> [WHAT THIS TASK INVOLVES]
Your answer must consist of exactly the lines below, starting with the line with "is_pderiv Q n" and going on through the line with "by apply/funext => y; rewrite -QE ursubmx_commutator", and nothing else.
☆ ☆ ☆
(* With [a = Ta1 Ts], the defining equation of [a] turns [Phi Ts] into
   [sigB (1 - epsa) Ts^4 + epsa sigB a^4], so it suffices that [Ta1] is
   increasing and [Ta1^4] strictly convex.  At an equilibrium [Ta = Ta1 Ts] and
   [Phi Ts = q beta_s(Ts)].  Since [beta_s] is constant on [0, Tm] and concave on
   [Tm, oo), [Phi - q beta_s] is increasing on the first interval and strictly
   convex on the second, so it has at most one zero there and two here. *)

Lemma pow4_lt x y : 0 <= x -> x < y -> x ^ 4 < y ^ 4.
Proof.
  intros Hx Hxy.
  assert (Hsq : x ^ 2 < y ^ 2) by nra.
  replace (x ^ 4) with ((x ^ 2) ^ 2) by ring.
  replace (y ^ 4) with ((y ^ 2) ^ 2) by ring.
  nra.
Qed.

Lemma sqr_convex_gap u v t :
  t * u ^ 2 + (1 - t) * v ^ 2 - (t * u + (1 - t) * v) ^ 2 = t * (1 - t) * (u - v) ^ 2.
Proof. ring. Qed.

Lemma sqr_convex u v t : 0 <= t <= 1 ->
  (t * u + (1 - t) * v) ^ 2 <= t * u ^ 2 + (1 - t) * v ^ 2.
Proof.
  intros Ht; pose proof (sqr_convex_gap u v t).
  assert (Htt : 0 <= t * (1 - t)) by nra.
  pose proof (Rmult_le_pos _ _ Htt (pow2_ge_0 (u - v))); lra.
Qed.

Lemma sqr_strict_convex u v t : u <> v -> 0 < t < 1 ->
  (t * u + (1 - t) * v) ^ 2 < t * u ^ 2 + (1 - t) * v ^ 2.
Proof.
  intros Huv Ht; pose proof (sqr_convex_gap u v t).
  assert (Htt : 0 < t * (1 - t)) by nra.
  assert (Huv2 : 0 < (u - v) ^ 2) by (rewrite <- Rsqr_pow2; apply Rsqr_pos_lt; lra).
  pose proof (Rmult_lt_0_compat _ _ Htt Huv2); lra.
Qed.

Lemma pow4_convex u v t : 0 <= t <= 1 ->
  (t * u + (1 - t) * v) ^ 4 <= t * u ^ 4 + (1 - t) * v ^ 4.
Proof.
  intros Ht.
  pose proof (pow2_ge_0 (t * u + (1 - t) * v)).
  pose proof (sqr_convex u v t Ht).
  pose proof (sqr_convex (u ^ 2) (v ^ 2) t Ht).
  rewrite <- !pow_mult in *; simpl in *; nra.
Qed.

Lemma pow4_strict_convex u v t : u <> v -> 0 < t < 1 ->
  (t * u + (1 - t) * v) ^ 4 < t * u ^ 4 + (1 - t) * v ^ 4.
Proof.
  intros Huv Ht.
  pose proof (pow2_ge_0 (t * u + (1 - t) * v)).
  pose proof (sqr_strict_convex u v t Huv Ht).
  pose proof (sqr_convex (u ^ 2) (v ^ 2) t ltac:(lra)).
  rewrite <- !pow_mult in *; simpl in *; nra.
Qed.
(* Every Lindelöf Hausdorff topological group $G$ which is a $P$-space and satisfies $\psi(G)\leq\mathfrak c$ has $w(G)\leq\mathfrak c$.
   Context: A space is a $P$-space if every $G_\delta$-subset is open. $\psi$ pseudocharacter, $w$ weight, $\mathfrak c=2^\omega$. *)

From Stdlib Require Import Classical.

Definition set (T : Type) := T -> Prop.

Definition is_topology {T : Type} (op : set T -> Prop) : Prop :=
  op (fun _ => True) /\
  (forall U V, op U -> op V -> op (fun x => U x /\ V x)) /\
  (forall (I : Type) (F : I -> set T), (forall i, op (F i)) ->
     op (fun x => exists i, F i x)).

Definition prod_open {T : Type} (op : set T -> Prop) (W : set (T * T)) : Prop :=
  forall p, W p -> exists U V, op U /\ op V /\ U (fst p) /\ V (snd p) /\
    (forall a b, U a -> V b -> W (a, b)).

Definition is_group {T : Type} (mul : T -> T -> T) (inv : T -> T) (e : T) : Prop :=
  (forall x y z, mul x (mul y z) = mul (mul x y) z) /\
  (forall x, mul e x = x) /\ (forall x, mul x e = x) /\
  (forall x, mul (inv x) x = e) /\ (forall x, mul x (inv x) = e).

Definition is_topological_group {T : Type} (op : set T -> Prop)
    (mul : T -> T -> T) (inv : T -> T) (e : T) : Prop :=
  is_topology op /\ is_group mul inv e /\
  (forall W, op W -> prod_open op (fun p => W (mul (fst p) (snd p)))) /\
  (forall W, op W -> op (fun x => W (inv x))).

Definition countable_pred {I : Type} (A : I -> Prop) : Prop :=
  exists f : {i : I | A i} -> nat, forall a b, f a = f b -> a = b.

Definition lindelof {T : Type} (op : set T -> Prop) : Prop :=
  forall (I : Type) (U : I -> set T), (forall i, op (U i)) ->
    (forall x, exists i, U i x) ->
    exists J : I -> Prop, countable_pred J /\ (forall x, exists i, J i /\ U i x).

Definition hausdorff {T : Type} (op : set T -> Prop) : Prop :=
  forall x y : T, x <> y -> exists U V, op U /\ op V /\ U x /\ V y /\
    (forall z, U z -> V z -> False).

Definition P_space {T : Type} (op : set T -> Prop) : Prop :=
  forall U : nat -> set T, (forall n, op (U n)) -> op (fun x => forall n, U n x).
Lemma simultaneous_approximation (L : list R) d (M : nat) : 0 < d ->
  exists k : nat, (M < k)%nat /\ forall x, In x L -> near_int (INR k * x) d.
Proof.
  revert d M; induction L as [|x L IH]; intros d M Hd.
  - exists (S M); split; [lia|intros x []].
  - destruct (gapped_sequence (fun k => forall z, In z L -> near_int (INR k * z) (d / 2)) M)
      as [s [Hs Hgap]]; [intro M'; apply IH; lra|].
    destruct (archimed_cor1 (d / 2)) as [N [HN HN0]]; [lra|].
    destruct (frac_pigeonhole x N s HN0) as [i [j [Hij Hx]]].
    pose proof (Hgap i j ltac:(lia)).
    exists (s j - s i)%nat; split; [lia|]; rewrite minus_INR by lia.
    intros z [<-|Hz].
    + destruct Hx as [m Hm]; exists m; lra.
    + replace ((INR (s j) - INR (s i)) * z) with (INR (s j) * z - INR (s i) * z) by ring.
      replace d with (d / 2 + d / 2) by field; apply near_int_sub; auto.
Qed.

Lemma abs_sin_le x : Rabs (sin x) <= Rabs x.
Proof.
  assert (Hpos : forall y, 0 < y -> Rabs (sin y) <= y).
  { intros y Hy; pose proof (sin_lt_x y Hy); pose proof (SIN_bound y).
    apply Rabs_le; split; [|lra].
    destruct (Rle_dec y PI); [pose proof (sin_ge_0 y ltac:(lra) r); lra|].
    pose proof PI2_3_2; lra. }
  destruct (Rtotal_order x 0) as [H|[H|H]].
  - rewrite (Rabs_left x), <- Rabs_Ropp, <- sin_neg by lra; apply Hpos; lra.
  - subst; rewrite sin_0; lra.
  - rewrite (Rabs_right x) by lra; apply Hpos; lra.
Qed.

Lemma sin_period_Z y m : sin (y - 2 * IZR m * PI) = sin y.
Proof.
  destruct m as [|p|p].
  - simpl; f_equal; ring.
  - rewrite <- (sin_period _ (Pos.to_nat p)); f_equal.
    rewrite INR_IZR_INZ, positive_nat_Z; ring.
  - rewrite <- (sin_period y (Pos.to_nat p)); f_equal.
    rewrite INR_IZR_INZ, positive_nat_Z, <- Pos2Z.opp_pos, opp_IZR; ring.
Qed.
☆ ☆ ☆
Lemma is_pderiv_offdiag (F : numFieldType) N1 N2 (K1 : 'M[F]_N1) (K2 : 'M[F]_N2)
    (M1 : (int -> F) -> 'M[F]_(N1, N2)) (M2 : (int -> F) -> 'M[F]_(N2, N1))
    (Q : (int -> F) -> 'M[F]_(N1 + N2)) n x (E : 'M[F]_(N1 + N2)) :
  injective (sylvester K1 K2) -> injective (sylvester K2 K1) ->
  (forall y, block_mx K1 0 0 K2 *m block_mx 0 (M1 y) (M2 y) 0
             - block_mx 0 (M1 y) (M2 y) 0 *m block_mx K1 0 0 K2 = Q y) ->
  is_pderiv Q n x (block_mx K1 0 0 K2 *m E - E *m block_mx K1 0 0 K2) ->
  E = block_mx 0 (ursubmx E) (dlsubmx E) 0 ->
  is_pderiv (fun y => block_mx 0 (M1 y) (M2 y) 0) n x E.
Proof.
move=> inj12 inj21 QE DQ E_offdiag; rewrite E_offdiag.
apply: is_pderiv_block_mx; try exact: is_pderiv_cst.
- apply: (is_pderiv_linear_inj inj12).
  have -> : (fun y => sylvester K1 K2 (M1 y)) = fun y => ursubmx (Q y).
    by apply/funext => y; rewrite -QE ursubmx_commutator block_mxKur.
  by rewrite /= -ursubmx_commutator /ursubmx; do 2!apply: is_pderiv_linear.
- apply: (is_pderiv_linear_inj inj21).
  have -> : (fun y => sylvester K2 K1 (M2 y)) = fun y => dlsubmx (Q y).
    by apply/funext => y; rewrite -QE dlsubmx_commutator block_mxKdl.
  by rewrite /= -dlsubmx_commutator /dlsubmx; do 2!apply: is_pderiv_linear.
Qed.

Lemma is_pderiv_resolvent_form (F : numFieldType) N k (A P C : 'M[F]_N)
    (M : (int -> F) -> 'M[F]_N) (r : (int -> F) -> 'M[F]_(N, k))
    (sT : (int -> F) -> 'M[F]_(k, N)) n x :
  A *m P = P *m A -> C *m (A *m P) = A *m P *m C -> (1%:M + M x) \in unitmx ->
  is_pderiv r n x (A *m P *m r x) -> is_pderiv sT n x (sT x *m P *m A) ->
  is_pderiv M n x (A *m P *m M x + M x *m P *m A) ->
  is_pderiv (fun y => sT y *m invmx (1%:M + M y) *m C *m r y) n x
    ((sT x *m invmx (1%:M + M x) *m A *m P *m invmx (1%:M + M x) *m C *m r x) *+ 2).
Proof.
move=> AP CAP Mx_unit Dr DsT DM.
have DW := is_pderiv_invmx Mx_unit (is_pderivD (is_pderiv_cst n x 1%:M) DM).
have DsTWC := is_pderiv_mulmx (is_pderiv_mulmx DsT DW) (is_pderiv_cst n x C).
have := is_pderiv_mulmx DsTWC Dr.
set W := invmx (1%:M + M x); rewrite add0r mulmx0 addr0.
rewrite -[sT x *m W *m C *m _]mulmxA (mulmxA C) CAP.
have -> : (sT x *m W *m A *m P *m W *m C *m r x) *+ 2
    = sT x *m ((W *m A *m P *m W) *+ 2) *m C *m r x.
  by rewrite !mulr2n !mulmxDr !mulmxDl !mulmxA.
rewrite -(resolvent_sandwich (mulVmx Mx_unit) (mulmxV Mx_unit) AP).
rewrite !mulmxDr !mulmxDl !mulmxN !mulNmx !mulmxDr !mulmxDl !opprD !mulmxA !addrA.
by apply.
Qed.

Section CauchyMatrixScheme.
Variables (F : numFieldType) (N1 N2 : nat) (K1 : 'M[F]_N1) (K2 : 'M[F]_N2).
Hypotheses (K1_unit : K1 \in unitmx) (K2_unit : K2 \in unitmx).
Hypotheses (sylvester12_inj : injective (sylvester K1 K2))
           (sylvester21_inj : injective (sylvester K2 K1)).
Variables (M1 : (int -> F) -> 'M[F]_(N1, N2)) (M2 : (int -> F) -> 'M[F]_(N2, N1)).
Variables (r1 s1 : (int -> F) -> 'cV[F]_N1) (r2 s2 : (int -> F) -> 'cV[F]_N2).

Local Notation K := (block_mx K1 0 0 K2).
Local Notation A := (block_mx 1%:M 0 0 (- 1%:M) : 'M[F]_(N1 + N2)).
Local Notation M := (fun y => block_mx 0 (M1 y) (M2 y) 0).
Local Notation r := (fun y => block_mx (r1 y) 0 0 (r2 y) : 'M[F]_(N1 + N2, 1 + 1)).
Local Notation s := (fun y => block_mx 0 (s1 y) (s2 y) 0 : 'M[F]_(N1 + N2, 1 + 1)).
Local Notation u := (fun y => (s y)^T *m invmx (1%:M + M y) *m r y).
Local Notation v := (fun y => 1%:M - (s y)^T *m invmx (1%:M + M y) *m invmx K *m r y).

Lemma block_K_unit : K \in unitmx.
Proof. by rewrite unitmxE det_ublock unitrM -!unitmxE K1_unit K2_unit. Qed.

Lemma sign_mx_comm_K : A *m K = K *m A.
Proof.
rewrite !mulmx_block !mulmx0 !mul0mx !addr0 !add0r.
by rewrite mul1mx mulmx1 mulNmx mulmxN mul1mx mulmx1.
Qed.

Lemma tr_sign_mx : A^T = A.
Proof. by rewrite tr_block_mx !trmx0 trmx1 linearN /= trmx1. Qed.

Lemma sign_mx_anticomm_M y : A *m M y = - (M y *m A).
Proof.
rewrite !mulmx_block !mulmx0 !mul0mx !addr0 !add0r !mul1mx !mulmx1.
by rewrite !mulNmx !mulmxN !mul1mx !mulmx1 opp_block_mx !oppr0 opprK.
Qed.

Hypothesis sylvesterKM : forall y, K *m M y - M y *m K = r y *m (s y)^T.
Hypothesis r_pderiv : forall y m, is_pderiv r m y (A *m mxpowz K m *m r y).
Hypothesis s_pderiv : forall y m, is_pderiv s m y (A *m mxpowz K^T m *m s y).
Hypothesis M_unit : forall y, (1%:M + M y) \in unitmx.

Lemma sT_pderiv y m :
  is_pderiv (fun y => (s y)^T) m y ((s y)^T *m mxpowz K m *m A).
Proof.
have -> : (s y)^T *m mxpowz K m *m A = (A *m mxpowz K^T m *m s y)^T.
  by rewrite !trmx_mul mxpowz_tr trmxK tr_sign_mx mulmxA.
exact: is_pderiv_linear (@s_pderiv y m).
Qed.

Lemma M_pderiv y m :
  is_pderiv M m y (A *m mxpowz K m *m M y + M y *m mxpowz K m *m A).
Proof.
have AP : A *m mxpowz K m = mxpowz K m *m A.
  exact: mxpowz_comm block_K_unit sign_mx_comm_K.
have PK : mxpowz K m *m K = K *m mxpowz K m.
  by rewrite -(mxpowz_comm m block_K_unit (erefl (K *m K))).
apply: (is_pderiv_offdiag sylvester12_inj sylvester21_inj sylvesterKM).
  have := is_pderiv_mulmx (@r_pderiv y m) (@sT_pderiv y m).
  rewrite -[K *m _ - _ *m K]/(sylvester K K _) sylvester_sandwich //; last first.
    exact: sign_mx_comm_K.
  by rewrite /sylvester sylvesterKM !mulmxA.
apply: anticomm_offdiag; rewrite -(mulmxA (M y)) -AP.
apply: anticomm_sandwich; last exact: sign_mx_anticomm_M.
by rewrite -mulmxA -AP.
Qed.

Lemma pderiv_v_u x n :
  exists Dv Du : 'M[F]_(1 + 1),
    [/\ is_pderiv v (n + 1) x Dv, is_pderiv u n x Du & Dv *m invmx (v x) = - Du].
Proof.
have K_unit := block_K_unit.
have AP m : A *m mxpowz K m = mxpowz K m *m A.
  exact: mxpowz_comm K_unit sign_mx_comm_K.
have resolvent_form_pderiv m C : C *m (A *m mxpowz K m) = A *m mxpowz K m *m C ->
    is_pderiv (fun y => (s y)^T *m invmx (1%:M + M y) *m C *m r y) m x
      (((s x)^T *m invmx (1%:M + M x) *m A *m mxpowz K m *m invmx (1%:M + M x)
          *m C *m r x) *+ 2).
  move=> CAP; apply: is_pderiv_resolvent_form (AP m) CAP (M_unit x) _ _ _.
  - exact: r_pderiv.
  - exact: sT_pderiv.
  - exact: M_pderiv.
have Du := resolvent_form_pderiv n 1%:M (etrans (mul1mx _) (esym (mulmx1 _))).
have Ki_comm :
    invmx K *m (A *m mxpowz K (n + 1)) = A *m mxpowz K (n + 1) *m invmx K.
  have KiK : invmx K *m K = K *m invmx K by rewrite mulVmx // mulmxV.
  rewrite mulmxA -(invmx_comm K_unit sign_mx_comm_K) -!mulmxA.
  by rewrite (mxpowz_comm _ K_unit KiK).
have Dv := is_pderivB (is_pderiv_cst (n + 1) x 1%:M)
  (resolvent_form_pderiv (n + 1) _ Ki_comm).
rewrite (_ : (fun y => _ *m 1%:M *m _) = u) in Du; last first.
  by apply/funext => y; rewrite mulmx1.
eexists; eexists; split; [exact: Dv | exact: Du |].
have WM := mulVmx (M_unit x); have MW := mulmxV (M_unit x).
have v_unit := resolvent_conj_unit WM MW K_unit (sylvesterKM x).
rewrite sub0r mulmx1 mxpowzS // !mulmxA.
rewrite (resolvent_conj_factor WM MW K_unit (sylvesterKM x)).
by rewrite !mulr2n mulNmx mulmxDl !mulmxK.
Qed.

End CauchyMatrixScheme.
☆ ☆ ☆
> [WRITTEN RESPONSE]
  is_pderiv Q n x (block_mx K1 0 0 K2 *m E - E *m block_mx K1 0 0 K2) ->
  E = block_mx 0 (ursubmx E) (dlsubmx E) 0 ->
  is_pderiv (fun y => block_mx 0 (M1 y) (M2 y) 0) n x E.
Proof.
move=> inj12 inj21 QE DQ E_offdiag; rewrite E_offdiag.
apply: is_pderiv_block_mx; try exact: is_pderiv_cst.
- apply: (is_pderiv_linear_inj inj12).
  have -> : (fun y => sylvester K1 K2 (M1 y)) = fun y => ursubmx (Q y).
    by apply/funext => y; rewrite -QE ursubmx_commutator block_mxKur.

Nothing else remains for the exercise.